Taylor Moment Expansion for Continuous-Discrete Gaussian Filtering and Smoothing
This addresses a problem in signal processing and control for applications like robotics or finance, offering a novel method for a known bottleneck in non-linear filtering.
The paper tackled non-linear Gaussian filtering and smoothing in continuous-discrete state-space models by proposing a Taylor moment expansion (TME) method, which approximates SDE moments with a temporal Taylor expansion and demonstrated significant outperformance over state-of-the-art methods in estimation accuracy and numerical stability in numerical experiments.

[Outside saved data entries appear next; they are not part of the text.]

(* [greedy_rem k] is the position of [x] inside its rank-[k] cylinder,
   rescaled to [0, 1]. *)
Fixpoint greedy_rem (k : nat) : R :=
  if k is k'.+1 then
    let y := greedy_rem k' in let c := greedy_digit k y in (y - betaP q c k) / q c k
  else x.

Definition greedy_digits (l : nat) : nat :=
  if l is l'.+1 then greedy_digit l (greedy_rem l') else 0.

Lemma greedy_digitsP : digit_seq m greedy_digits.
Proof. by case=> // n _; apply: greedy_digit_le. Qed.

Lemma greedy_rem01 k : 0 <= greedy_rem k <= 1.
Proof.
elim: k => [//|k /andP[r0 r1]] /=; set c := greedy_digit k.+1 (greedy_rem k).
have qc : 0 < q c k.+1 by exact: (q_gt0 hQ _ (greedy_digit_le _ _)).
have lo := betaP_greedy_le k.+1 r0.
have hi := greedy_betaP_ge (isT : (1 <= k.+1)%N) r1.
rewrite -/c betaPS in lo hi.
by rewrite divr_ge0 ?subr_ge0 ?(ltW qc) //= ler_pdivrMr // mul1r lerBlDl.
Qed.

Lemma greedy_remE k :
  x = cyl_left q k greedy_digits + cyl_len q k greedy_digits * greedy_rem k.
Proof.
elim: k => [|k IH].
  by rewrite /cyl_left /cyl_len digit_psum_geq // big_geq // add0r mul1r.
rewrite cyl_leftS cyl_lenS {1}IH /=; set c := greedy_digit k.+1 (greedy_rem k).
have qc : q c k.+1 != 0 by rewrite gt_eqF // (q_gt0 hQ _ (greedy_digit_le _ _)).
rewrite -mulrA [q c k.+1 * _]mulrCA mulfV // mulr1 -addrA -mulrDr.
by congr (_ + _ * _); rewrite /greedy_digits -/c; ring.
Qed.

Lemma cvg_greedy_digits : digit_psum q greedy_digits 1 @ \oo --> x.
Proof.
case: hQ => _ _ /(_ greedy_digits greedy_digitsP) prod0.
apply/cvgrPdist_lt => e e0; have [N0 _ prod_lt] := cvgr0_norm_lt _ prod0 _ e0.
exists N0.+1 => // -[//|N] /= N0N.
rewrite {1}(greedy_remE N) /cyl_left addrC addKr normrM.
apply: le_lt_trans (prod_lt N.+1 (ltnW N0N)).
have /andP[r0 r1] := greedy_rem01 N.
by rewrite -[leRHS]mulr1 ler_wpM2l // ger0_norm.
Qed.

End Greedy.

Lemma DeltaQ_onto x : 0 <= x <= 1 -> exists2 j, digit_seq m j & x = DeltaQ q j.
Proof.
move=> x01; exists (greedy_digits x); first exact: greedy_digitsP.
exact/esym/cvg_lim/cvg_greedy_digits.
Qed.

Lemma eq_DeltaQ j j' :
  {in [pred n | (1 <= n)%N], j =1 j'} -> DeltaQ q j = DeltaQ q j'.
Proof.
move=> jj'; rewrite /DeltaQ; congr (limn _); apply/funext => N.
by apply: (@eq_digit_psum _ q) => n /andP[n1 _]; apply: jj'.
Qed.

Definition Qdigits (x : R) : nat -> nat := nega_to_Q m (nega_digits m q x).

Lemma nega_digitsP x : 0 <= x <= 1 -> is_nega_repr m q x (nega_digits m q x).
Proof.
move=> /DeltaQ_onto[j dj ->]; apply: epsilon_spec.
exists (nega_to_Q m j); split.
  by move=> n n1; rewrite /nega_to_Q; case: odd; [apply: dj | apply: leq_subr].
apply: eq_DeltaQ => n n1; rewrite /nega_to_Q.
by case: odd => //; rewrite subKn // dj.
Qed.

Lemma QdigitsP x : 0 <= x <= 1 -> digit_seq m (Qdigits x).
Proof.
move=> /nega_digitsP[di _] n n1; rewrite /Qdigits /nega_to_Q.
by case: odd; [apply: di | apply: leq_subr].
Qed.

Lemma QdigitsE x : 0 <= x <= 1 -> x = DeltaQ q (Qdigits x).
Proof. by case/nega_digitsP. Qed.

Definition cyl n (f : nat -> nat) : set R :=
  [set x | 0 <= x <= 1 /\ {in [pred l | (1 <= l <= n)%N], Qdigits x =1 f}].

Lemma cyl_sub_itv n f x : cyl n f x ->
  cyl_left q n f <= x <= cyl_left q n f + cyl_len q n f.
Proof.
move=> [x01 xf]; have [<- <-] := eq_cyl q xf.
have := DeltaQ_cyl hQ n (QdigitsP x01).
by rewrite -QdigitsE.
Qed.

The paper is concerned with non-linear Gaussian filtering and smoothing in continuous-discrete state-space models, where the dynamic model is formulated as an Itô stochastic differential equation (SDE), and the measurements are obtained at discrete time instants. We propose novel Taylor moment expansion (TME) Gaussian filter and smoother which approximate the moments of the SDE with a temporal Taylor expansion. Differently from classical linearisation or Itô--Taylor approaches, the Taylor expansion is formed for the moment functions directly and in time variable, not by using a Taylor expansion on the non-linear functions in the model. We analyse the theoretical properties, including the positive definiteness of the covariance estimate and stability of the TME Gaussian filter and smoother. By numerical experiments, we demonstrate that the proposed TME Gaussian filter and smoother significantly outperform the state-of-the-art methods in terms of estimation accuracy and numerical stability.